Hollywood, Florida sits in a prime location between Miami and Fort Lauderdale, making it a vibrant healthcare market where dental practices compete for a mix of established residents, younger families, and medical tourists. For dental practice owners in Hollywood, the combination of above-average household incomes and a dense suburban population often translates into strong practice revenues — and, under a default LLC structure, a substantial and growing self-employment tax burden that reduces the return on every hour of clinical work.

The S-Corp election offers Hollywood dentists a legal, federally recognized mechanism to restructure how practice income is taxed — specifically, by shifting a portion from SE-taxable wages to non-SE-taxable distributions. For a dental practice generating $280,000 or more in net owner income, this restructuring can save $9,000 to $14,000 or more annually in federal taxes. This guide explains the mechanics, the math, the health insurance rules, and the Florida-specific professional entity requirements that apply to Hollywood, FL dental practice owners.

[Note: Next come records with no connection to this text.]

Theorem lemma3p2 (R : rcfType) (n1 n2 l : nat)
  (s1 : nat -> 'I_n1 -> 'I_n1 -> bool) (s2 : nat -> 'I_n2 -> 'I_n2 -> bool)
  (A1 : 'M[R]_n1) (A2 : 'M[R]_n2) (al1 be1 al2 be2 eps : R)
  (B Xl : 'M[R]_(n1, n2)) (dX : nat -> 'M[R]_(n1, n2)) :
  nested_partition l s1 -> nested_partition l s2 ->
  spd A1 -> spd A2 -> 0 < al1 -> 0 < al2 ->
  spectrum_in A1 al1 be1 -> spectrum_in A2 al2 be2 ->
  0 <= eps ->
  frob (Rl l s1 s2 A1 A2 Xl - B) <= eps * frob B ->
  (forall h, (h < l)%N ->
     frob (Rh l s1 s2 A1 A2 Xl dX h) <= eps * frob (Xi l s1 s2 A1 A2 Xl dX h)) ->
  let kappa := (be1 + be2) / (al1 + al2) in
  l%:R * (kappa * eps) < 2 ->
  frob (A1 *m Xt l Xl dX 0 + Xt l Xl dX 0 *m A2 - B)
    <= ((l.+1)%:R ^+ 2) * kappa * eps * frob B.
Proof.
move=> np1 np2 [A1sym _] [A2sym _] al1_gt0 al2_gt0 spec1 spec2 eps_ge0 res_top res_level.
move=> kappa small.
have [n1_0|n1_gt0] := posnP n1; first by rewrite !frob_empty ?n1_0 ?mulr0.
have [n2_0|n2_gt0] := posnP n2; first by rewrite !frob_empty ?n2_0 ?orbT ?mulr0.
have ray1 := rayleigh_spectrum A1sym spec1; have ray2 := rayleigh_spectrum A2sym spec2.
have := residual_bound np1 np2 A1sym A2sym ray1 ray2 al1_gt0 al2_gt0
  (rayleigh_le n1_gt0 ray1) (rayleigh_le n2_gt0 ray2) eps_ge0 res_top res_level small.
by rewrite /sylvester (blockpart0 np1) (blockpart0 np2).
Qed.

The Core Question — S-Corp or LLC for Hollywood Dental Practices

Self-employment tax is the primary financial driver behind the entity structure decision for Hollywood dental practice owners. Under default LLC taxation, 100% of net practice income is subject to SE tax — 15.3% on the first $176,100 and 2.9% on income above that in 2026. For a Hollywood dentist generating $280,000 in net practice income through a single-member LLC, SE taxes total approximately $28,000 (before the SE tax deduction). Under an S-Corp with a $145,000 reasonable salary and $135,000 in distributions, SE tax applies only to the salary — approximately $22,185 — and the $135,000 distribution is not subject to SE tax. The annual savings on the distribution alone: approximately $5,800 at the Medicare rate, with additional savings from the wage-base comparison on the salary portion.

Key Insight

Hollywood, FL dentists in Broward County benefit from Florida's complete absence of personal income tax. The S-Corp election's benefits are 100% federal — no state return, no state SE equivalent, no state interaction. Every dollar of SE tax reduction from the S-Corp election stays with the practice or the dentist-owner without any state offset or complication.

LLC Structure for Florida Dental Practices

Single-Member LLC

The single-member LLC is a disregarded entity for federal tax purposes. All net practice income flows to Schedule C of the owner-dentist's personal return and is subject to the full self-employment tax at 15.3% on the first $176,100 and 2.9% above that. For an established Hollywood dental practice generating $200,000+ in net income, the single-member LLC provides no SE tax efficiency — it is the starting point for the conversation, not the optimal destination.

Multi-Member LLC

Multi-owner Hollywood dental practices using a multi-member LLC are taxed as partnerships by default. Each active partner's distributive share of practice income is subject to SE tax. Hollywood's dental market includes numerous partnership practices — two or three dentists sharing a location, overhead, and patient base — and these practices benefit from the S-Corp election across all active partners as revenues grow.

LLC Elected as S-Corp

Filing Form 2553 allows a Florida LLC to be taxed as an S-Corp for federal purposes while retaining its Florida state LLC structure. The dentist-owner receives a W-2 salary at a reasonable compensation level, and remaining practice profits are distributed without SE tax. This is the most frequently recommended structure for Hollywood dental practices earning $100,000 or more in annual owner net income because it maximizes SE tax efficiency within an operationally simple framework.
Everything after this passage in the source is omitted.